Gold climbs near two-month high as risk aversion grows along with concerns over tensions in Ukraine and investors await further direction from this week’s meeting of Federal Reserve policymakers.
Today, NATO said it was placing forces on standby in eastern Europe in response to Russia’s military build-up along Ukraine’s border. Moscow has denied any invasion plans. The British government on Sunday accused the Kremlin of seeking to install a pro-Russian leader in Ukraine and the U.S. State Department ordered diplomats’ family members to leave Ukraine. The headlines are adding to tensions in the markets.
The first meeting of the Federal Open Market Committee of 2022 is expected to provide confirmation of the central bank’s plans for interest rate hikes this year and how it will deal with inflation. Higher rates are considered bearish for gold, but surging inflation is bullish.

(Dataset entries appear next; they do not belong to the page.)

(* For each notion of guarding $\mathfrak{g}$, there is a natural isomorphism \[ \theta : H^{\mathfrak{g}} \circ \mathbb{G}^{\mathfrak{g}} \; \cong \; \mathbb{H} \circ H^{\mathfrak{g}} \] such that, for all $\sigma$-structures $\mathcal{A}$ (omitting $\mathfrak{g}$), $\varepsilon_{H\mathcal{A}}\circ\theta_{\mathcal{A}} = H\varepsilon_{\mathcal{A}}$ and $\delta_{H\mathcal{A}}\circ\theta_{\mathcal{A}} = \mathbb{H}\theta_{\mathcal{A}}\circ\theta_{\mathbb{G}\mathcal{A}}\circ H\delta_{\mathcal{A}}$. Thus $\theta$ forms an Eilenberg-Moore law.
   Context: $\mathfrak{g}$ is atom, loose or clique guarding. $H^{\mathfrak{g}}$ is the functor from $\sigma$-structures to hypergraphs sending $\mathcal{A}$ to $(A,E)$ with $E$ the set of $\mathfrak{g}$-guarded subsets of $\mathcal{A}$. $\mathbb{G}^{\mathfrak{g}}$ is the guarded comonad on $\sigma$-structures and $\mathbb{H}$ the hypergraph comonad; both are built from equivalence classes $[p,a]$ of focussed plays $\langle p,a\rangle$ ($p$ a non-empty list of guarded sets, resp. hyperedges, $a$ in the last element), where $\langle p,a\rangle\sim\langle q,a'\rangle$ iff $a=a'$, $p\sqcap q$ non-empty, and $a$ lies in the last element of every play on the prefix-order paths from $p\sqcap q$ to $p$ and $q$. In $\mathbb{G}\mathcal{A}$, $R^{\mathbb{G}\mathcal{A}}=\{([p,a_1],\ldots,[p,a_r])\mid R^{\mathcal{A}}(a_1,\ldots,a_r)\}$; in $\mathbb{H}(V,E)$ the hyperedges are $\{[p,a]\mid a\in U\}$ with $U\in E$ the last element of $p$. In both, $\varepsilon([p,a])=a$ and $\delta([[U_1,\ldots,U_n],a])=[[T_1,\ldots,T_n],[[U_1,\ldots,U_n],a]]$ with $T_j=\{[[U_1,\ldots,U_j],b]\mid b\in U_j\}$. *)

From HB Require Import structures.
From mathcomp Require Import all_boot.
From mathcomp Require Import boolp classical_sets functions cardinality.
From Stdlib Require List.

Set Implicit Arguments.
Unset Strict Implicit.
Unset Printing Implicit Defensive.

Local Open Scope classical_set_scope.

Definition play (V : Type) := (seq (set V) * V)%type.

Definition prefix {T : Type} (c p : seq T) : Prop := exists s, p = c ++ s.

Definition is_meet {T : Type} (c p q : seq T) : Prop :=
  [/\ prefix c p, prefix c q & forall d, prefix d p -> prefix d q -> prefix d c].

Definition play_equiv {V : Type} (x y : play V) : Prop :=
  x.2 = y.2 /\
  exists c, [/\ is_meet c x.1 y.1, c <> [::],
    (forall r, prefix c r -> prefix r x.1 -> last set0 r x.2) &
    (forall r, prefix c r -> prefix r y.1 -> last set0 r y.2)].

Definition focussed {V : Type} (E : set (set V)) (x : play V) : Prop :=
  [/\ x.1 <> [::], (forall U, List.In U x.1 -> E U) & last set0 x.1 x.2].

Definition cls {V : Type} (E : set (set V)) (x : play V) : set (play V) :=
  [set y | focussed E y /\ play_equiv x y].

Definition is_cls {V : Type} (E : set (set V)) (S : set (play V)) : Prop :=
  exists x, focussed E x /\ S = cls E x.

Definition Cls {V : Type} (E : set (set V)) : Type := {S : set (play V) | is_cls E S}.

Definition mkCls {V : Type} (E : set (set V)) (x : play V) (hx : focussed E x) : Cls E :=
  exist _ (cls E x) (ex_intro _ x (conj hx erefl)).

Definition rep {V : Type} {E : set (set V)} (S : Cls E) : play V :=
  proj1_sig (cid (proj2_sig S)).

Lemma rep_spec {V : Type} {E : set (set V)} (S : Cls E) :
  focussed E (rep S) /\ proj1_sig S = cls E (rep S).
Proof. by rewrite /rep; case: cid. Qed.

Definition eps {V : Type} {E : set (set V)} (S : Cls E) : V := (rep S).2.

Definition clsE {V : Type} (E : set (set V)) (x : play V) (d : Cls E) : Cls E :=
  match pselect (focussed E x) with left h => mkCls h | right _ => d end.

Definition mapplay {V W : Type} (h : V -> W) (x : play V) : play W :=
  (map (fun U => h @` U) x.1, h x.2).

Lemma focussed_map {V W : Type} (E : set (set V)) (E' : set (set W)) (h : V -> W) :
  (forall e, E e -> E' (h @` e)) ->
  forall x, focussed E x -> focussed E' (mapplay h x).
Proof.
move=> hE [p a] [/= hp hin hl]; split => /=.
- by case: p hp {hin hl}.
- move=> U /List.in_map_iff [U0 [<- hU0]]; exact: hE (hin _ hU0).
- have -> : (set0 : set W) = h @` set0 by rewrite image_set0.
  by rewrite (last_map (fun U => h @` U)); exists a.
Qed.

Definition cls_map {V W : Type} {E : set (set V)} {E' : set (set W)} {h : V -> W}
  (hE : forall e, E e -> E' (h @` e)) (S : Cls E) : Cls E' :=
  mkCls (focussed_map hE (rep_spec S).1).

Definition pstep {V : Type} (E : set (set V)) (p : seq (set V)) : set (Cls E) :=
  [set c | exists b, last set0 p b /\ proj1_sig c = cls E (p, b)].
Arguments pstep {V} E p.

Definition deltaplay {V : Type} {E : set (set V)} (S : Cls E) : play (Cls E) :=
  ([seq pstep E (take j (rep S).1) | j <- iota 1 (size (rep S).1)], S).

Record hypergraph := HGraph { hv : Type; he : set (set hv) }.
Arguments he : clear implicits.

Definition hmor (G1 G2 : hypergraph) (h : hv G1 -> hv G2) : Prop :=
  forall e, he G1 e -> he G2 (h @` e).
Arguments hmor : clear implicits.

Definition hedgeH {V : Type} (E : set (set V)) : set (set (Cls E)) :=
  [set T | exists p, [/\ p <> [::], (forall U, List.In U p -> E U) & T = pstep E p]].
Arguments hedgeH {V} E.

Definition HH (G : hypergraph) : hypergraph := @HGraph (Cls (he G)) (hedgeH (he G)).

Definition Hmap (G1 G2 : hypergraph) (h : hv G1 -> hv G2) (hh : hmor G1 G2 h) :
  hv (HH G1) -> hv (HH G2) := cls_map hh.

Lemma pstep_focussed {V : Type} {E : set (set V)} (S : Cls E) :
  focussed (hedgeH E) ([:: pstep E (rep S).1], S).
Proof.
have [[hp hin hl] hS] := rep_spec S.
split => //=.
- move=> U [<-|//]; by exists (rep S).1.
- exists (rep S).2; split => //; rewrite hS; by case: (rep S).
Qed.

Definition deltaH {V : Type} {E : set (set V)} (S : Cls E) : Cls (hedgeH E) :=
  clsE (deltaplay S) (mkCls (pstep_focussed S)).

Record signature := Signature { sym : Type; ar : sym -> nat }.

Record sstruct (s : signature) := MkStruct {
  car : Type;
  rel : forall R : sym s, ('I_(ar R) -> car) -> Prop }.

Definition hom (s : signature) (A B : sstruct s) (f : car A -> car B) : Prop :=
  forall (R : sym s) (t : 'I_(ar R) -> car A), rel t -> rel (f \o t).

Inductive guarding := Atom | Loose | Clique.

Definition atom_guarded (s : signature) (A : sstruct s) (S : set (car A)) : Prop :=
  (exists a, S = [set a]) \/
  exists (R : sym s) (t : 'I_(ar R) -> car A), rel t /\ S = range t.

Definition loose_guarded (s : signature) (A : sstruct s) (S : set (car A)) : Prop :=
  exists k (g : 'I_k -> set (car A)),
    [/\ forall i, atom_guarded (g i), forall i, g i `<=` S &
        forall a b, S a -> S b -> exists i, g i a /\ g i b].

Definition clique_guarded (s : signature) (A : sstruct s) (S : set (car A)) : Prop :=
  finite_set S /\
  forall a b, S a -> S b -> exists G, atom_guarded G /\ G a /\ G b.

Definition guarded (g : guarding) (s : signature) (A : sstruct s) : set (set (car A)) :=
  match g with
  | Atom => @atom_guarded s A
  | Loose => @loose_guarded s A
  | Clique => @clique_guarded s A
  end.
Arguments guarded g {s} A.

(* the functor H^g on objects; on morphisms it is the identity on maps *)
Definition Hg (g : guarding) (s : signature) (A : sstruct s) : hypergraph :=
  @HGraph (car A) (guarded g A).

Lemma atom_guarded_hom (s : signature) (A B : sstruct s) (f : car A -> car B) :
  hom f -> forall S, atom_guarded S -> atom_guarded (f @` S).
Proof.
move=> hf S [[a ->]|[R [t [ht ->]]]].
- by left; exists (f a); rewrite image_set1.
- right; exists R, (f \o t); split; first exact: hf.
  by rewrite image_comp.
Qed.

Lemma guarded_hom (g : guarding) (s : signature) (A B : sstruct s) (f : car A -> car B) :
  hom f -> hmor (Hg g A) (Hg g B) f.
Proof.
move=> hf; case: g => S /=.
- exact: atom_guarded_hom.
- move=> [k [gg [hg hsub hpair]]].
  exists k, (fun i => f @` gg i); split.
  + by move=> i; apply: atom_guarded_hom.
  + by move=> i; apply: image_subset.
  + move=> _ _ [a Sa <-] [b Sb <-]; have [i [ia ib]] := hpair a b Sa Sb.
    by exists i; split; [exists a | exists b].
- move=> [hfin hpair]; split; first exact: finite_image.
  move=> _ _ [a Sa <-] [b Sb <-]; have [G [hG [Ga Gb]]] := hpair a b Sa Sb.
  exists (f @` G); split; first exact: atom_guarded_hom.
  by split; [exists a | exists b].
Qed.

Arguments guarded_hom g {s A B f}.

Lemma guarded_set1 (g : guarding) (s : signature) (A : sstruct s) (a : car A) :
  guarded g A [set a].
Proof.
have ha : atom_guarded [set a] by left; exists a.
case: g => //=.
- exists 1, (fun _ => [set a]); split.
  + by move=> _.
  + by move=> _ x.
  + by move=> x y hx hy; exists ord0; split.
- split; first exact: finite_set1.
  by move=> x y hx hy; exists [set a].
Qed.

Lemma sgl_focussed (g : guarding) (s : signature) (A : sstruct s) (a : car A) :
  focussed (guarded g A) ([:: [set a]], a).
Proof. split => //= U [<-|//]; exact: guarded_set1. Qed.

Definition GS (g : guarding) (s : signature) (A : sstruct s) : sstruct s :=
  @MkStruct s (Cls (guarded g A))
    (fun R cs => exists (p : seq (set (car A))) (a : 'I_(ar R) -> car A),
        rel a /\ forall i, focussed (guarded g A) (p, a i) /\
                           proj1_sig (cs i) = cls (guarded g A) (p, a i)).

Definition Gmap (g : guarding) (s : signature) (A B : sstruct s) (f : car A -> car B)
  (hf : hom f) : car (GS g A) -> car (GS g B) :=
  cls_map (guarded_hom g hf).

Definition deltaG (g : guarding) (s : signature) (A : sstruct s) :
  car (GS g A) -> car (GS g (GS g A)) :=
  fun S => clsE (deltaplay S) (mkCls (sgl_focussed g (A := GS g A) S)).
Arguments Gmap g {s A B f}.
Arguments deltaG g {s} A.

From Pilot Require Import Defs.
From HB Require Import structures.
From mathcomp Require Import all_boot.
From mathcomp Require Import boolp classical_sets functions cardinality.
From Stdlib Require List.

(** Both [H (G A)] and [HH (H A)] have as vertices the classes [[p,a]] of
    focussed plays over the guarded sets of [A], so [theta] is the identity and
    naturality and the counit law are immediate.  The content is that the two hypergraph
    structures agree: a set [T] of classes is guarded in [G A] iff it is of the
    form [{[p,b] | b in U}] with [U] the last element of [p].  Guards of [U]
    lift along [p] through [b |-> [p,b]].  Conversely, the histories of a class
    [c] (the lists [q] with [[q, eps c] = c]) are convex for the prefix order and
    have a least element, its anchor; so if every two classes of a finite [T]
    share a history, the longest anchor is a common history [q] of all of [T],
    and [T = {[q ++ [W], b] | b in W}] with [W = eps T] guarded.  With the
    hyperedges identified, [delta] of [G] and of [HH] build the same play. *)

Set Implicit Arguments.
Unset Strict Implicit.
Unset Printing Implicit Defensive.
Local Open Scope classical_set_scope.

Local Notation prefix := Defs.prefix.

Lemma In_last (T : Type) (x0 : T) (p : seq T) : p <> [::] -> List.In (last x0 p) p.
Proof.
elim: p x0 => [//|u p IH] x0 _ /=; case: p IH => [|v p] IH /=; first by left.
by right; apply: IH.
Qed.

Front-month gold futures rallied 1% last week to settle at $1,834.10 an ounce on Comex as the most-active month rolled from February. The April contract slipped 0.6% Friday. Gold advanced 2.9% in December — its best month since May — and climbed 4.1% in the fourth quarter. But it dropped 3.5% in 2021. Currently, the
April Contract is up $8.60 (+0.47%) an ounce to $1,842.70 and the DG spot price is $1,837.10.
Few investors anticipate a rate hike at this week’s FOMC meeting, which ends Wednesday. But the CME FedWatch Tool shows that 91.6% of traders expect one at the March meeting, up from 57.7% a month ago. Speculation is growing that the FOMC will announce an increase of more than a quarter-percentage point when it does raise rates to rein in inflation, which rose at the highest level in 39 years in December.

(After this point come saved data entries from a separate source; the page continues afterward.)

(* Let $L>0$. Then (i) $\Psi_2(x;L)\le \exp(x^2)-1$ for all $x\ge 0$; and (ii) $\Psi_2(x;L)\ge \Psi_1(x;L/3)$ for all $x\ge 0$.
   Context: For $x\ge 0$ let $h_1(x)=1+x-\sqrt{1+2x}$ and $h_2(x)=(1+x)\log(1+x)-x$. For $L>0$ define $\Psi_1(x;L)=\exp\big(\frac{2}{L^2}h_1(Lx)\big)-1$ (the Bernstein–Orlicz function) and $\Psi_2(x;L)=\exp\big(\frac{2}{L^2}h_2(Lx)\big)-1$ (the Bennett–Orlicz function), $x\ge 0$. *)

From Stdlib Require Import Reals.
Open Scope R_scope.

Definition h1 (x : R) : R := 1 + x - sqrt (1 + 2 * x).
Definition h2 (x : R) : R := (1 + x) * ln (1 + x) - x.

Definition Psi1 (x L : R) : R := exp (2 / L ^ 2 * h1 (L * x)) - 1.
Definition Psi2 (x L : R) : R := exp (2 / L ^ 2 * h2 (L * x)) - 1.

From Stdlib Require Import Reals Lra Psatz.
From Coquelicot Require Import Coquelicot.
Open Scope R_scope.

(* Both Orlicz functions have the form exp (2 / L^2 * h (L x)) - 1, so each
   claim reduces to a pointwise bound on h: (i) h2 y <= y^2 / 2, and (ii)
   9 h1 (y / 3) <= h2 y, which is the claim for Psi1 (. ; L/3) after the change
   of scale.  Both differences vanish at 0 and are shown nondecreasing on
   [0, oo): for (i) the derivative is y - ln (1 + y) >= 0; for (ii) it is
   ln (1 + y) - 3 + 3 / sqrt (1 + 2y/3), which itself vanishes at 0 and has
   derivative 1 / (1 + y) - (1 + 2y/3)^(-3/2) >= 0 because
   (1 + y)^2 <= (1 + 2y/3)^3. *)

Lemma exp_le (a b : R) : a <= b -> exp a <= exp b.
Proof. intros [Hab | ->]; [left; apply exp_increasing |]; lra. Qed.

Lemma le_of_derive_nonneg (f df : R -> R) (y : R) :
  (forall t, 0 <= t -> is_derive f t (df t)) ->
  (forall t, 0 <= t -> 0 <= df t) ->
  0 <= y -> f 0 <= f y.
Proof.
  intros Hder Hpos [Hy | <-]; [| lra].
  destruct (MVT_cor2 f df 0 y Hy) as [c [Hc Hcy]].
  - intros t Ht. apply is_derive_Reals, Hder. lra.
  - assert (0 <= df c) by (apply Hpos; lra). nra.
Qed.

Lemma ln_1_plus_le (y : R) : 0 <= y -> ln (1 + y) <= y.
Proof.
  intros Hy. rewrite <- (ln_exp y) at 2.
  apply ln_le; [lra | apply exp_ineq1_le].
Qed.

Lemma h2_le_half_sq (y : R) : 0 <= y -> h2 y <= y ^ 2 / 2.
Proof.
  intros Hy.
  enough (0 ^ 2 / 2 - h2 0 <= y ^ 2 / 2 - h2 y) by
    (unfold h2 in *; rewrite Rplus_0_r, ln_1 in *; lra).
  apply (le_of_derive_nonneg (fun t => t ^ 2 / 2 - h2 t) (fun t => t - ln (1 + t)));
    [| | exact Hy].
  - intros t Ht. unfold h2. auto_derive; [lra |]. field. lra.
  - intros t Ht. pose proof (ln_1_plus_le t Ht). lra.
Qed.

Lemma one_plus_le_pow_three_halves (y : R) :
  0 <= y -> 1 + y <= (1 + 2 * y / 3) * sqrt (1 + 2 * y / 3).
Proof.
  intros Hy. set (t := 1 + 2 * y / 3).
  assert (Ht : 0 <= t) by (unfold t; lra).
  pose proof (sqrt_sqrt t Ht). pose proof (sqrt_pos t).
  apply Rsqr_incr_0_var; [| nra].
  (* (1 + 2y/3)^3 - (1 + y)^2 = y^2/3 + 8 y^3/27 *)
  replace ((t * sqrt t)²) with (t * t * t) by (unfold Rsqr; nra).
  unfold Rsqr, t. nra.
Qed.

Lemma ln_1_plus_ge_inv_sqrt (y : R) :
  0 <= y -> 3 - 3 / sqrt (1 + 2 * y / 3) <= ln (1 + y).
Proof.
  intros Hy.
  set (g t := ln (1 + t) - 3 + 3 / sqrt (1 + 2 * t / 3)).
  enough (g 0 <= g y) by
    (unfold g in *; rewrite Rplus_0_r, ln_1, Rmult_0_r, Rdiv_0_l, Rplus_0_r,
       sqrt_1 in *; lra).
  apply (le_of_derive_nonneg g
           (fun t => / (1 + t) - / ((1 + 2 * t / 3) * sqrt (1 + 2 * t / 3))));
    [| | exact Hy]; intros t Ht;
    assert (0 < sqrt (1 + 2 * t / 3)) by (apply sqrt_lt_R0; lra).
  - assert (sq : sqrt (1 + 2 * t / 3) * sqrt (1 + 2 * t / 3) = 1 + 2 * t / 3)
      by (apply sqrt_sqrt; lra).
    unfold g. auto_derive; [repeat split; lra |].
    unfold Rdiv in *. set (r := sqrt _) in *.
    rewrite <- sq. field. lra.
  - pose proof (one_plus_le_pow_three_halves t Ht).
    enough (/ ((1 + 2 * t / 3) * sqrt (1 + 2 * t / 3)) <= / (1 + t)) by lra.
    apply Rinv_le_contravar; lra.
Qed.

Lemma h1_third_le_h2 (y : R) : 0 <= y -> 9 * h1 (y / 3) <= h2 y.
Proof.
  intros Hy.
  enough (h2 0 - 9 * h1 (0 / 3) <= h2 y - 9 * h1 (y / 3)) by
    (unfold h1, h2 in *;
     rewrite Rdiv_0_l, Rmult_0_r, !Rplus_0_r, ln_1, sqrt_1 in *; lra).
  apply (le_of_derive_nonneg (fun t => h2 t - 9 * h1 (t / 3))
           (fun t => ln (1 + t) - 3 + 3 / sqrt (1 + 2 * t / 3)));
    [| | exact Hy]; intros t Ht.
  - assert (0 < sqrt (1 + 2 * t / 3)) by (apply sqrt_lt_R0; lra).
    unfold h1, h2. auto_derive; [repeat split; lra |].
    replace (1 + 2 * (t * / 3)) with (1 + 2 * t / 3) by field.
    field. lra.
  - pose proof (ln_1_plus_ge_inv_sqrt t Ht). lra.
Qed.

Lemma Psi2_le_exp_sq (x L : R) :
  0 < L -> 0 <= x -> Psi2 x L <= exp (x ^ 2) - 1.
Proof.
  intros HL Hx. unfold Psi2.
  enough (E : 2 / L ^ 2 * h2 (L * x) <= x ^ 2) by (pose proof (exp_le _ _ E); lra).
  replace (x ^ 2) with (2 / L ^ 2 * ((L * x) ^ 2 / 2)) by (field; lra).
  apply Rmult_le_compat_l.
  - apply Rlt_le, Rdiv_lt_0_compat; [lra | apply pow_lt, HL].
  - apply h2_le_half_sq. nra.
Qed.

Lemma Psi1_third_le_Psi2 (x L : R) :
  0 < L -> 0 <= x -> Psi1 x (L / 3) <= Psi2 x L.
Proof.
  intros HL Hx. unfold Psi1, Psi2.
  enough (E : 2 / (L / 3) ^ 2 * h1 (L / 3 * x) <= 2 / L ^ 2 * h2 (L * x))
    by (pose proof (exp_le _ _ E); lra).
  replace (L / 3 * x) with (L * x / 3) by field.
  replace (2 / (L / 3) ^ 2) with (2 / L ^ 2 * 9) by (field; lra).
  rewrite Rmult_assoc.
  apply Rmult_le_compat_l.
  - apply Rlt_le, Rdiv_lt_0_compat; [lra | apply pow_lt, HL].
  - apply h1_third_le_h2. nra.
Qed.

Theorem proposition3 (L : R) (HL : 0 < L) :
  (forall x : R, 0 <= x -> Psi2 x L <= exp (x ^ 2) - 1) /\
  (forall x : R, 0 <= x -> Psi2 x L >= Psi1 x (L / 3)).
Proof.
  split; intros x Hx.
  - exact (Psi2_le_exp_sq x L HL Hx).
  - apply Rle_ge, Psi1_third_le_Psi2; assumption.
Qed.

U.S. Treasury yields, which reached two-year highs last week in anticipation of higher interest rates, slipped Friday and were little changed early Monday, supporting gold prices.
Gold also got a boost by uncertainty around the omicron variant. Signs that omicron is a threat to the global economic recovery appeared in key data points last week. The U.S. index of leading economic indicators, released Friday, showed that the economy is expected to continue to grow in 2022, though the pace has slowed. Meanwhile, U.S. initial jobless claims rose by 286,000 last week to the highest level since October, in an apparent sign that the surge in omicron cases was hitting the labor market.
March silver futures rallied 6.1% last week to $24.32 an ounce on Comex, though the front-month contract dropped 1.6% Friday. Silver gained 2.4% in December and 5.9% in the fourth quarter, though it dropped 12% in 2021. Silver prices are tied to industrial demand. The March contract is currently down $0.460 (-1.89%) an ounce to $23.860 and the DG spot price is $23.80.
Platinum and palladium posted substantial weekly gains on anticipation that auto sales growth would approach normal levels this year. Palladium’s main use is in catalytic converters for gasoline-powered vehicles. The DG spot price is currently down $15.70 an ounce to $1,027.40.
Spot palladium surged 12% last week to $2,117.50 an ounce after gaining 1.4% Friday. Palladium rallied 9.6% in December, but it fell 0.4% in the fourth quarter and 22% in 2021. It has now hit it’s highest point in over two months. Currently, the DG spot price is up $35.20 an ounce to $2,159.50.
Spot platinum rose 6.9% last week to $1,042.30 an ounce, though it slid 1.7% Friday. The metal gained 2.9% in December and 0.2% in the fourth quarter. It lost 9.4% last year.